Kristin’s friend Tabitha gave me a lot of guidance when I was in the throes of homebirth indecision.  She and her boyfriend, Tim, are free-thinkers of long standing, so they were a little more qualified to take a free-thinking approach to childbirth than Heather and I are.  I actually wasn’t sure what Tabitha had done, but I e-mailed her assuming that someone who makes her own cheese and kimchee probably gave some thought to how she brought her child into the world.  Assuming did not (itself) make an ass of me in this case, as I hit the nail precisely on the head and was rewarded with a wealth of information on doulas and reading materials.  Heather, not knowing Tabitha, was not especially swayed, but I contended that she was a sensible person who, despite the kimchee, was still pretty trustworthy.  For naught.

Saturday, October 5, 2013

Meditations on midwifery

After watching The Business of Being Born, I felt like it was almost inarguable that homebirth with a midwife was the best option.  I recognize that a single movie isn’t justification for a controversial (in the US, anyway) change of course; still, it struck a chord My friend Sarah sent me a book, Baby Catcher, by a midwife, and I knew my mom used one (in the hospital) for my birth.  Certainly there’s a wealth of statistics that confirm that, in healthy pregnancies, homebirths with midwife assistance show fewer complications and involve fewer interventions than hospital births. 

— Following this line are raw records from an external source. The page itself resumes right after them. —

Lemma P0_S1 n : (3 <= n)%nat -> S1 n (P0 n).
Proof.
  intros Hn. split; [exact (P0_stochastic n Hn)|]. intros A At HA HAt Hdis.
  change (sarymsakov_pair n (P0 n) A At).
  assert (Hin12 : forall X, ~ (exists i, (i < n)%nat /\ X i = true /\ i <> 1%nat /\ i <> 2%nat) ->
                  forall i, (i < n)%nat -> X i = true -> (i = 1 \/ i = 2)%nat).
  { intros X HX i Hi HXi. destruct (Nat.eq_dec i 1); [left; assumption|].
    destruct (Nat.eq_dec i 2); [right; assumption|].
    exfalso. apply HX. exists i. repeat split; assumption. }
  destruct (classic (exists i, (i < n)%nat /\ A i = true /\ i <> 1%nat /\ i <> 2%nat))
    as [[i [Hi [HAi [H1 H2]]]]|HA12].
  { exact (P0_pair_of_other_row n A At i Hn Hi HAi H1 H2 HAt). }
  destruct (classic (exists i, (i < n)%nat /\ At i = true /\ i <> 1%nat /\ i <> 2%nat))
    as [[i [Hi [HAti [H1 H2]]]]|HAt12].
  { exact (sarymsakov_pair_sym _ _ _ _ (P0_pair_of_other_row n At A i Hn Hi HAti H1 H2 HA)). }
  destruct (disjoint_split_pair n 1 2 A At (Hin12 A HA12) (Hin12 At HAt12) HA HAt Hdis)
    as [[SA SAt]|[SA SAt]].
  - exact (P0_pair_singletons n A At Hn SA SAt).
  - exact (sarymsakov_pair_sym _ _ _ _ (P0_pair_singletons n At A Hn SAt SA)).
Qed.

Lemma P0_not_G n : (3 <= n)%nat -> ~ G n (P0 n).
Proof.
  intros Hn HG.
  assert (HX1 : is_singleton n (Nat.eqb 1) 1) by (intros i _; rewrite Nat.eqb_eq; lia).
  assert (HY2 : is_singleton n (Nat.eqb 2) 2) by (intros i _; rewrite Nat.eqb_eq; lia).
  destruct (F_P0_singletons n _ _ Hn HX1 HY2) as [FX _].
  destruct (G_image_covers n (P0 n) (Nat.eqb 1) (Nat.eqb 2) HG
              (P0_singleton_images_disjoint n _ _ Hn HX1 HY2)) as [Hcov|Hcov].
  - pose proof (proj1 (FX 1%nat ltac:(lia)) (Hcov 1%nat ltac:(lia) eq_refl)). lia.
  - pose proof (proj1 (FX 2%nat ltac:(lia)) (Hcov 2%nat ltac:(lia) eq_refl)). lia.
Qed.

Theorem proposition1 (n : nat) (hn : (3 <= n)%nat) :
  (forall P : mat, G n P -> S1 n P) /\
  (exists P : mat, S1 n P /\ ~ G n P).
Proof.
  split.
  - exact (G_subset_S1 n).
  - exists (P0 n). split; [exact (P0_S1 n hn)|exact (P0_not_G n hn)].
Qed.
(* Let $f:\mathbb{R}^n\times\mathbb{R}\to\mathbb{R}$ be continuous and satisfy Assumption 1 on $R\times I$, where $R=\prod_{k=1}^n[\xi_k,\eta_k]$ ($\xi_k<\eta_k$) and $I$ is a compact interval, and suppose that the (unique) function $g:R\to I$ with $f(x,g(x))=0$ on $R$ is a polynomial in $x=(x_1,\dots,x_n)$. Let $a\in R$, and choose integers $N_k$ with $N_k$ larger than the largest exponent of $x_k$ occurring in $g$ ($k=1,\dots,n$); set $N=(N_1,\dots,N_n)$. Then $$g(x)=\sum_{0\le\beta\le N-1}c_\beta (x-a)^\beta,\qquad c_\beta=\prod_{k=1}^n(\beta_k+1)\sum_{1\le\alpha\le N}\ \prod_{k=1}^n\big(V_{N_k}^{-1}\big)_{\beta_k+1,\,\alpha_k}\, d_\alpha ,$$ where the sums run over multi-indices. (Equivalently, $(c_\beta)_\beta$ is the Hadamard product of $W$ with the tensor obtained from $(d_\alpha)_\alpha$ by applying $V_{N_k}^{-1}$ in the $k$-th index for every $k$, $W$ being the $N_1\times\cdots\times N_n$ tensor with entries $\gamma_1\cdots\gamma_n$.) Moreover these coefficients do not depend on the choice of $N$ as long as each $N_k$ exceeds the largest exponent of $x_k$ in $g$ (additional coefficients are zero).
   Context: Multi-index notation: for $\alpha,\beta\in\mathbb{Z}^n$, $\alpha\le\beta$ means $\alpha_k\le\beta_k$ for all $k$, $(x-a)^\beta=\prod_k(x_k-a_k)^{\beta_k}$, and $N-1=(N_1-1,\dots,N_n-1)$. $\operatorname{sign}_y f(x,y)=1$ if $f(x,y)\ge0$ and $-1$ otherwise; $\Theta_y f(x,y)=1$ if $f(x,y)\ge0$ and $0$ otherwise. Assumption 1 on $R\times I$: for every $x\in R$, $y\mapsto\operatorname{sign}_y f(x,y)$ has exactly one jump discontinuity on $I$. $n_y(f)\in\{1,-1\}$ is $1$ if $y\mapsto\operatorname{sign}_y f(x,y)$ is increasing on $I$ and $-1$ if decreasing (constant in $x\in R$). Partition data: $\Delta_k=(\eta_k-\xi_k)/N_k$; for $1\le\alpha\le N$, the grid block $R_\alpha=\prod_{k=1}^n[\xi_k+(\alpha_k-1)\Delta_k,\ \xi_k+\alpha_k\Delta_k]$; $V_{N_k}$ is the $N_k\times N_k$ matrix with entry in row $\alpha_k$, column $j$ equal to $(\xi_k+\alpha_k\Delta_k-a_k)^j-(\xi_k+(\alpha_k-1)\Delta_k-a_k)^j$ (invertible); and $$d_\alpha=\frac{1+n_y(f)}{2}|R_\alpha|\max I+\frac{1-n_y(f)}{2}|R_\alpha|\min I-n_y(f)\iint_{R_\alpha\times I}\Theta_y f(x,y)\,dx\,dy .$$ *)

From HB Require Import structures.
From mathcomp Require Import all_boot all_order all_algebra.
From mathcomp Require Import all_classical all_reals all_analysis.
Set Implicit Arguments. Unset Strict Implicit. Unset Printing Implicit Defensive.
Import Order.TTheory GRing.Theory Num.Theory.
Import numFieldNormedType.Exports.
Local Open Scope classical_set_scope.
Local Open Scope ring_scope.

Section Defs.
Variables (R : realType) (n : nat).

Definition inbox (xi eta : 'I_n -> R) (x : 'rV[R]_n) : Prop :=
  forall k, xi k <= x ord0 k <= eta k.

Definition Iset (c d : R) : set R := [set y | c <= y <= d].

Definition sgnf (f : 'rV[R]_n -> R -> R) (x : 'rV[R]_n) (y : R) : R :=
  if 0 <= f x y then 1 else -1.
Definition Thetaf (f : 'rV[R]_n -> R -> R) (x : 'rV[R]_n) (y : R) : R :=
  if 0 <= f x y then 1 else 0.

Definition cont_within_at (A : set R) (h : R -> R) (y0 : R) : Prop :=
  h @ within A (nbhs y0) --> h y0.

(* Assumption 1 on R x I: for every x in the box, y |-> sign_y f(x,y) has exactly
   one (jump) discontinuity on I (discontinuity of the restriction to I). *)
Definition assumption1 (f : 'rV[R]_n -> R -> R) (xi eta : 'I_n -> R) (c d : R) : Prop :=
  forall x, inbox xi eta x ->
    exists y0, [/\ Iset c d y0, ~ cont_within_at (Iset c d) (sgnf f x) y0 &
      forall y, Iset c d y -> ~ cont_within_at (Iset c d) (sgnf f x) y -> y = y0].

Definition ny_spec (f : 'rV[R]_n -> R -> R) (xi eta : 'I_n -> R) (c d : R) (ny : R) : Prop :=
  (ny = 1 /\ forall x, inbox xi eta x -> forall y1 y2, Iset c d y1 -> Iset c d y2 ->
      y1 <= y2 -> sgnf f x y1 <= sgnf f x y2)
  \/
  (ny = -1 /\ forall x, inbox xi eta x -> forall y1 y2, Iset c d y1 -> Iset c d y2 ->
      y1 <= y2 -> sgnf f x y2 <= sgnf f x y1).

Definition midx (N : 'I_n -> nat) := {dffun forall k : 'I_n, 'I_(N k)}.

Definition poly_deg_lt (xi eta : 'I_n -> R) (N : 'I_n -> nat) (g : 'rV[R]_n -> R) : Prop :=
  exists q : midx N -> R, forall x, inbox xi eta x ->
    g x = \sum_(b : midx N) q b * \prod_(k < n) (x ord0 k) ^+ (b k).

Definition Delta (xi eta : 'I_n -> R) (N : 'I_n -> nat) (k : 'I_n) : R :=
  (eta k - xi k) / (N k)%:R.

(* the matrix V_{N_k} (0-indexed: row i <-> alpha_k = i+1, column j <-> exponent j+1) *)
Definition Vmx (xi eta : 'I_n -> R) (N : 'I_n -> nat) (a : 'rV[R]_n) (k : 'I_n) : 'M[R]_(N k) :=
  \matrix_(i, j) ((xi k + (i.+1)%:R * Delta xi eta N k - a ord0 k) ^+ j.+1
                 - (xi k + (i : nat)%:R * Delta xi eta N k - a ord0 k) ^+ j.+1).

(* entry of a square matrix at natural-number indices (0 outside the range) *)
Definition mxe (m : nat) (A : 'M[R]_m) (i j : nat) : R :=
  match (insub i : option 'I_m), (insub j : option 'I_m) with
  | Some i', Some j' => A i' j'
  | _, _ => 0
  end.

Definition setc (x : 'rV[R]_n) (k : 'I_n) (t : R) : 'rV[R]_n :=
  \row_j (if j == k then t else x ord0 j).

Definition boxint (lo hi : 'I_n -> R) (h : 'rV[R]_n -> R) : R :=
  (foldr (fun k (G : 'rV[R]_n -> R) => fun x =>
            \int[lebesgue_measure]_(t in `[lo k, hi k]) G (setc x k t))
         h (enum 'I_n)) 0.

(* the grid block R_alpha (alpha 0-indexed: alpha_paper = alpha + 1) *)
Definition blo (xi eta : 'I_n -> R) (N : 'I_n -> nat) (al : midx N) (k : 'I_n) : R :=
  xi k + ((al k : nat))%:R * Delta xi eta N k.
Definition bhi (xi eta : 'I_n -> R) (N : 'I_n -> nat) (al : midx N) (k : 'I_n) : R :=
  xi k + ((al k).+1)%:R * Delta xi eta N k.

Definition dcoef (f : 'rV[R]_n -> R -> R) (xi eta : 'I_n -> R) (c d ny : R)
    (N : 'I_n -> nat) (al : midx N) : R :=
  let vol := \prod_(k < n) Delta xi eta N k in
  (1 + ny) / 2 * vol * d + (1 - ny) / 2 * vol * c
  - ny * boxint (blo xi eta al) (bhi xi eta al)
           (fun x => \int[lebesgue_measure]_(y in `[c, d]) Thetaf f x y).
(* Let $T$ be an anonymous, non-counterfactual, reasonable tail test. If $T\not\sim\mathcal{D}$, then for every $0<\epsilon<1$ there exists a pair $\hat f=(\hat f_0,\hat f_1)\in F\times F$ such that $$P_0^{\hat f}(\{T(\cdot,\hat f)=1\})>1-\epsilon\quad\text{or}\quad P_1^{\hat f}(\{T(\cdot,\hat f)=0\})>1-\epsilon.$$
   Context: Let $\Omega=\{0,1\}$ and let $\Omega^\infty$ be the set of infinite sequences $\omega=(\omega_1,\omega_2,\dots)$; $\omega^t=(\omega_1,\dots,\omega_t)$ denotes the prefix and also the cylinder set $\{\hat\omega:\hat\omega^t=\omega^t\}$; $\Omega^\infty$ carries the $\sigma$-algebra generated by cylinders. $\Delta(\Omega)$ is the set of probability distributions on $\Omega$. A forecasting strategy is a function $f:\bigcup_{t\ge 0}(\Omega\times\Delta(\Omega)\times\Delta(\Omega))^t\to\Delta(\Omega)$; $F$ is the set of all forecasting strategies. For $f=(f_0,f_1)$ and $\omega$, the play path $h=h(\omega,f_0,f_1)\in(\Omega\times\Delta(\Omega)\times\Delta(\Omega))^\infty$ is defined by $h^0=\emptyset$, $h^t=(h^{t-1},(\omega_t,f_0(h^{t-1}),f_1(h^{t-1})))$; $h^n$ is its prefix of length $n$ and $h_n$ its suffix of coordinates indexed by $t\ge n$. The induced measures satisfy $P_i^f(\omega^t)=\prod_{n=1}^t f_i(h^{n-1})[\omega_n]$. A comparison test is a function $T:\Omega^\infty\times F\times F\to\{0,\tfrac12,1\}$, measurable in $\omega$ for each fixed pair; $\{T(\cdot,f)=k\}=\{\omega:T(\omega,f_0,f_1)=k\}$. $T$ is anonymous if $T(\omega,f_0,f_1)=1-T(\omega,f_1,f_0)$ always. $T$ is non-counterfactual if there is $\hat T$ on $(\Omega\times\Delta(\Omega)\times\Delta(\Omega))^\infty$ with $T(\omega,f_0,f_1)=\hat T(h(\omega,f_0,f_1))$. $T$ is reasonable if for all $f$, $i\in\{0,1\}$ and measurable $A$: $P_i^f(A)>0$ and $P_{1-i}^f(A)=0$ imply $P_i^f(A\cap\{T(\cdot,f)=i\})>0$. Two triplets $(\omega,f_0,f_1),(\tilde\omega,\tilde f_0,\tilde f_1)$ eventually coincide if there exists $n>1$ such that $h_n(\omega,f_0,f_1)=h_n(\tilde\omega,\tilde f_0,\tilde f_1)$ and for all $1\le t\le n-1$, $i\in\{0,1\}$: $f_i(h^{t-1}(\omega,f_0,f_1))[\omega_t]>0$ and $\tilde f_i(h^{t-1}(\tilde\omega,\tilde f_0,\tilde f_1))[\tilde\omega_t]>0$. $T$ is a tail test if it takes equal values on any two triplets that eventually coincide. $T\sim\hat T$ means: for every pair $f$ and $i\in\{0,1\}$, $P_i^f(\{\omega:T(\omega,f_0,f_1)\ne\hat T(\omega,f_0,f_1)\})=0$. Likelihood ratios along $h=h(\omega,f_0,f_1)$: $D^t_{f_0}f_1(\omega)=\prod_{n=1}^t \frac{f_1(h^{n-1})[\omega_n]}{f_0(h^{n-1})[\omega_n]}$, $D^t_{f_1}f_0(\omega)=\prod_{n=1}^t \frac{f_0(h^{n-1})[\omega_n]}{f_1(h^{n-1})[\omega_n]}$. For $(j,k)\in\{(0,1),(1,0)\}$, $\overline{D}_{f_j}f_k=\limsup_t D^t_{f_j}f_k$, $\underline{D}_{f_j}f_k=\liminf_t D^t_{f_j}f_k$ if $f_j(h^{n-1})[\omega_n]>0$ for all $n$, and both $=+\infty$ otherwise; if they coincide and are finite the common value is the derivative $D_{f_j}f_k(\omega)$. The derivative test: $\mathcal{D}(\omega,f_0,f_1)=1$ if $D_{f_1}f_0(\omega)$ exists and equals $0$; $=0$ if $D_{f_0}f_1(\omega)$ exists and equals $0$; $=\tfrac12$ otherwise. *)

From Stdlib Require Import Reals List ClassicalEpsilon.
Open Scope R_scope.

(* Delta(Omega), Omega = {0,1} = bool: a distribution is the probability of outcome 1 *)
Definition Dist : Type := {p : R | 0 <= p <= 1}.
Definition dprob (d : Dist) (b : bool) : R :=
  if b then proj1_sig d else 1 - proj1_sig d.

Definition Entry : Type := (bool * Dist * Dist)%type.
(* forecasting strategy: finite histories (oldest first) -> distribution *)
Definition Strategy : Type := list Entry -> Dist.
(* infinite sequence; w k is omega_{k+1} *)
Definition Seq : Type := nat -> bool.

Fixpoint hist (f0 f1 : Strategy) (w : Seq) (t : nat) : list Entry :=
  match t with
  | O => nil
  | S t' => hist f0 f1 w t' ++
            ((w t', f0 (hist f0 f1 w t'), f1 (hist f0 f1 w t')) :: nil)
  end.

(* coordinate k of the play path h (the coordinate indexed by t = k+1) *)
Definition path (f0 f1 : Strategy) (w : Seq) (k : nat) : Entry :=
  (w k, f0 (hist f0 f1 w k), f1 (hist f0 f1 w k)).

(* forecaster i (false = 0, true = 1) *)
Definition strat (i : bool) (f0 f1 : Strategy) : Strategy := if i then f1 else f0.

Definition fprob (f0 f1 : Strategy) (i : bool) (w : Seq) (k : nat) : R :=
  dprob (strat i f0 f1 (hist f0 f1 w k)) (w k).

Definition cyl (v : Seq) (t : nat) : Seq -> Prop :=
  fun w => forall k, (k < t)%nat -> w k = v k.

Fixpoint cylmass (f0 f1 : Strategy) (i : bool) (v : Seq) (t : nat) : R :=
  match t with
  | O => 1
  | S t' => cylmass f0 f1 i v t' * fprob f0 f1 i v t'
  end.

Inductive measurable : (Seq -> Prop) -> Prop :=
  | meas_cyl : forall v t, measurable (cyl v t)
  | meas_compl : forall A, measurable A -> measurable (fun w => ~ A w)
  | meas_union : forall (A : nat -> Seq -> Prop),
      (forall n, measurable (A n)) -> measurable (fun w => exists n, A n w)
  | meas_ext : forall A B, measurable A -> (forall w, A w <-> B w) -> measurable B.

(* countable covers by cylinders (None = empty piece) *)
Definition Cover : Type := nat -> option (Seq * nat).
Definition cover_piece (c : Cover) (n : nat) (w : Seq) : Prop :=
  match c n with None => False | Some (v, t) => cyl v t w end.
Definition cover_mass (f0 f1 : Strategy) (i : bool) (c : Cover) (n : nat) : R :=
  match c n with None => 0 | Some (v, t) => cylmass f0 f1 i v t end.

Definition cover_value (f0 f1 : Strategy) (i : bool) (A : Seq -> Prop) (r : R) : Prop :=
  exists c : Cover,
    (forall w, A w -> exists n, cover_piece c n w) /\
    infinite_sum (cover_mass f0 f1 i c) r.

Definition is_inf (S : R -> Prop) (r : R) : Prop :=
  (forall x, S x -> r <= x) /\ (forall y, (forall x, S x -> y <= x) -> y <= r).

(* P_i^f(A): outer measure generated by the cylinder masses; on measurable
   sets this is the unique (Caratheodory) extension of the cylinder measure. *)
Definition Pm (f0 f1 : Strategy) (i : bool) (A : Seq -> Prop) : R :=
  epsilon (inhabits 0) (fun r => is_inf (cover_value f0 f1 i A) r).

Inductive Verdict : Type := V0 | Vhalf | V1.
Definition vflip (v : Verdict) : Verdict :=
  match v with V0 => V1 | Vhalf => Vhalf | V1 => V0 end.
Definition vof (i : bool) : Verdict := if i then V1 else V0.

Definition Test : Type := Seq -> Strategy -> Strategy -> Verdict.

Definition test_measurable (T : Test) : Prop :=
  forall f0 f1 k, measurable (fun w => T w f0 f1 = k).

Definition anonymous (T : Test) : Prop :=
  forall w f0 f1, T w f0 f1 = vflip (T w f1 f0).

Definition non_counterfactual (T : Test) : Prop :=
  exists Th : (nat -> Entry) -> Verdict,
    forall w f0 f1, T w f0 f1 = Th (path f0 f1 w).

Definition reasonable (T : Test) : Prop :=
  forall f0 f1 (i : bool) (A : Seq -> Prop), measurable A ->
    Pm f0 f1 i A > 0 -> Pm f0 f1 (negb i) A = 0 ->
    Pm f0 f1 i (fun w => A w /\ T w f0 f1 = vof i) > 0.

(* eventually coincide; 0-based: suffix from index n-1, positivity at indices < n-1 *)
Definition ev_coincide (w : Seq) (f0 f1 : Strategy) (w' : Seq) (g0 g1 : Strategy) : Prop :=
  exists n : nat, (n > 1)%nat /\
    (forall k, (n - 1 <= k)%nat -> path f0 f1 w k = path g0 g1 w' k) /\
    (forall t (i : bool), (t < n - 1)%nat ->
        fprob f0 f1 i w t > 0 /\ fprob g0 g1 i w' t > 0).

Definition tail_test (T : Test) : Prop :=
  forall w f0 f1 w' g0 g1, ev_coincide w f0 f1 w' g0 g1 -> T w f0 f1 = T w' g0 g1.

Fixpoint Dt (f0 f1 : Strategy) (j : bool) (w : Seq) (t : nat) : R :=
  match t with
  | O => 1
  | S t' => Dt f0 f1 j w t' * (fprob f0 f1 (negb j) w t' / fprob f0 f1 j w t')
  end.

Definition Dzero (f0 f1 : Strategy) (j : bool) (w : Seq) : Prop :=
  (forall n, fprob f0 f1 j w n > 0) /\ Un_cv (Dt f0 f1 j w) 0.

Definition Dtest : Test := fun w f0 f1 =>
  if excluded_middle_informative (Dzero f0 f1 true w) then V1
  else if excluded_middle_informative (Dzero f0 f1 false w) then V0
  else Vhalf.

Definition test_equiv (T T' : Test) : Prop :=
  forall f0 f1 (i : bool), Pm f0 f1 i (fun w => T w f0 f1 <> T' w f0 f1) = 0.

From Stdlib Require Import Reals List ClassicalEpsilon Lra Lia Classical Cantor.
Open Scope R_scope.
Import ListNotations.

(* Suppose [T] and the derivative test [D] disagree with positive [P_i]-probability.
   Where [D] says [i], i.e. [D_(f_i) f_(1-i) = 0], the measure [P_(1-i)] vanishes, so a
   reasonable [T] also says [i] there [P_i]-almost surely; [D] saying [1-i] and
   forecaster [i] giving probability [0] to the outcome are [P_i]-null events.  What
   remains is a set [X] of positive [P_j]-measure on which [T] rejects forecaster [j]
   while the other forecaster never assigns probability [0]: either [T] rejects [i], or
   [T] rejects [1-i] where the likelihood ratio does not vanish, and there [P_i] is
   absolutely continuous with respect to [P_(1-i)].

   By a density argument [X] carries a fraction [1 - eps/2] of the [P_j]-mass of some
   cylinder [v^t].  Let forecaster [j] predict [v] with confidence [q] during the first
   [t] rounds and then continue as before.  The new plays eventually coincide with the
   old ones, so the tail test still rejects [j] on [X] inside [v^t], a set whose new
   [P_j]-probability is at least [(1 - eps/2) q ^ t > 1 - eps] for [q] close to [1]. *)

(** * Forecast probabilities along a path *)

Lemma dprob_bounds d b : 0 <= dprob d b <= 1.
Proof. destruct d as [p Hp]; destruct b; simpl; lra. Qed.
(* Let $a\in\mathbb{C}$, let $v=\{v_n\}_{n=1}^\infty\in\ell^1(\mathbb{N})$ be a complex sequence and $V=\mathrm{diag}(v_1,v_2,\dots)$. Then \[ \sigma_{\mathrm p}(J_a+V)\subset\{\pm2\}\cup\Big\{z\in\mathbb{C}\setminus[-2,2]\ \Big|\ \sqrt{|z^2-4|}\le g_a(z)\,\|v\|_{\ell^1}\Big\}. \]
   Context: $\mathbb{N}=\{1,2,\dots\}$. For $a\in\mathbb{C}$, $J_a$ is the operator on $\ell^2(\mathbb{N})$ with $(J_a\psi)_1=a\psi_1+\psi_2$ and $(J_a\psi)_n=\psi_{n-1}+\psi_{n+1}$ for $n\ge2$. Every $z\in\mathbb{C}\setminus[-2,2]$ can be written uniquely as $z=k+k^{-1}$ with $0<|k|<1$, and for such $z$ one defines \[ g_a(z):=\sup_{n\in\mathbb{N}}\Big|1-\frac{k-a}{1-ak}\,k^{2n-1}\Big|, \] with the convention $g_a(a+a^{-1})=+\infty$ when $|a|>1$ (where $1-ak=0$). $\sigma_{\mathrm p}$ denotes the set of eigenvalues. *)

From Stdlib Require Import Reals ClassicalEpsilon.
From Coquelicot Require Import Coquelicot.
Open Scope R_scope.

(* Sequences are indexed from 0: psi i stands for psi_{i+1}. *)

Definition JaV (a : C) (v psi : nat -> C) (i : nat) : C :=
  match i with
  | O => Cplus (Cmult (Cplus a (v O)) (psi O)) (psi 1%nat)
  | S j => Cplus (Cplus (psi j) (Cmult (v i) (psi i))) (psi (S i))
  end.
(* Let $\mathbf{X}$ be a set of discrete random variables with sample space $\Omega(\mathbf{X})$, let $O$ be a positive unital circuit over $\mathbf{X}$, let $\rho$ be a density matrix of matching size, and let $q:\Omega(\mathbf{X})\to[0,1]$. Let $Q(\mathbf{x})=q(\mathbf{x})O(\mathbf{x})$ (a NoisePUnC). Then $\pi_{\mathbf{X}}(\mathbf{x})=\operatorname{Tr}[Q(\mathbf{x})\rho]$ is a sub-complete probability distribution: $\pi_{\mathbf{X}}(\mathbf{x})\ge 0$ for all $\mathbf{x}$ and $\sum_{\mathbf{x}\in\Omega(\mathbf{X})}\pi_{\mathbf{X}}(\mathbf{x})\le1$.
   Context: A density matrix is a PSD complex matrix of trace one; a POVM is a finite family of PSD matrices summing to the identity. A quantum operation from $d\times d$ to $d'\times d'$ matrices is $\Phi(A)=\sum_jK_jAK_j^*$ with $d'\times d$ matrices $K_j$, $\sum_jK_j^*K_j\le\mathbb{1}$ (Loewner order); it is unital if $\Phi(\mathbb{1}_d)=\mathbb{1}_{d'}$. A partition circuit over $\mathbf{X}=\{X_0,\dots,X_{N-1}\}$ is a rooted binary tree whose leaves are in bijection with the variables (leaf $k$ carries $X_k$ with finite sample space $\Omega(X_k)$), each internal unit $k$ having two children $k_l,k_r$; $\mathbf{x}_k$ denotes an assignment to the variables at leaves below $k$. A positive unital circuit assigns to each leaf $k$ a POVM $\{E_{x_k}\}_{x_k\in\Omega(X_k)}$ and to each internal unit $k$ a unital quantum operation $\Phi_k$, computing $O_k(\mathbf{x}_k)=E_{x_k}$ at leaves and $O_k(\mathbf{x}_k)=\Phi_k(O_{k_l}(\mathbf{x}_{k_l})\otimes O_{k_r}(\mathbf{x}_{k_r}))$ at internal units ($\otimes$ the Kronecker product); $O(\mathbf{x})=O_{\mathrm{root}}(\mathbf{x})$. A function on a finite set is a sub-complete probability distribution if its values are nonnegative and sum to at most $1$. *)

(* Complex scalars: an arbitrary numClosedFieldType C
   (e.g. the complex numbers); order on C: 0 <= z iff z is a nonnegative real. *)
From HB Require Import structures.
From mathcomp Require Import all_boot all_order all_algebra.
From mathcomp Require Import mxtens.
Set Implicit Arguments. Unset Strict Implicit. Unset Printing Implicit Defensive.
Import Order.TTheory GRing.Theory Num.Theory.
Local Open Scope ring_scope.

Section QDefs.
Variable C : numClosedFieldType.

Definition ctrmx {m n} (A : 'M[C]_(m, n)) : 'M[C]_(n, m) := (map_mx Num.conj A)^T.

Definition psd {d} (A : 'M[C]_d) : Prop :=
  forall v : 'cV[C]_d, 0 <= (ctrmx v *m A *m v) 0 0.

Definition loewner_le {d} (A B : 'M[C]_d) : Prop := psd (B - A).

Definition density_matrix {d} (rho : 'M[C]_d) : Prop := psd rho /\ \tr rho = 1.

Definition is_POVM {d} {I : finType} (E : I -> 'M[C]_d) : Prop :=
  (forall a, psd (E a)) /\ \sum_(a : I) E a = 1%:M.

Definition kraus_apply {d' d} (K : seq 'M[C]_(d', d)) (A : 'M[C]_d) : 'M[C]_d' :=
  \sum_(Kj <- K) Kj *m A *m ctrmx Kj.

Definition quantum_operation {d' d} (K : seq 'M[C]_(d', d)) : Prop :=
  loewner_le (\sum_(Kj <- K) ctrmx Kj *m Kj) 1%:M.

Definition unital_quantum_operation {d' d} (K : seq 'M[C]_(d', d)) : Prop :=
  quantum_operation K /\ kraus_apply K 1%:M = 1%:M.

Definition sub_complete {I : finType} (f : I -> C) : Prop :=
  (forall x, 0 <= f x) /\ \sum_(x : I) f x <= 1.
End QDefs.

(* Circuits over variables X_0..X_{N-1}, X_k with finite sample space T k.
   circuit d : a (binary-tree) circuit whose output is a d x d matrix.
   Node K l r : internal unit with operation Phi given by Kraus family K,
   mapping (dl*dr) x (dl*dr) matrices to d x d matrices. *)
Inductive circuit (C : numClosedFieldType) (N : nat) (T : 'I_N -> finType)
  : nat -> Type :=
| Leaf : forall (k : 'I_N) (d : nat), (T k -> 'M[C]_d) -> circuit C T d
| Node : forall (d dl dr : nat), seq 'M[C]_(d, dl * dr) ->
    circuit C T dl -> circuit C T dr -> circuit C T d.

Section Circuits.
Variables (C : numClosedFieldType) (N : nat) (T : 'I_N -> finType).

Still, feedback from friends and family has been ambivalent at best and hostile at worst.  There was the faction who thought it was absurd to consider delivering a baby without pain medication, one comment that I was doing it for attention, and another friend who felt it was insulting to doctors in that it implied that they weren’t competent to deliver babies in hospitals.  I get the pain thing, for sure, and I get it when people worry about something going wrong, but, whatever my faults, I rarely crave or demand attention.  Sweets, yes, and McNuggets, but not so much attention.  That one caught me off-guard.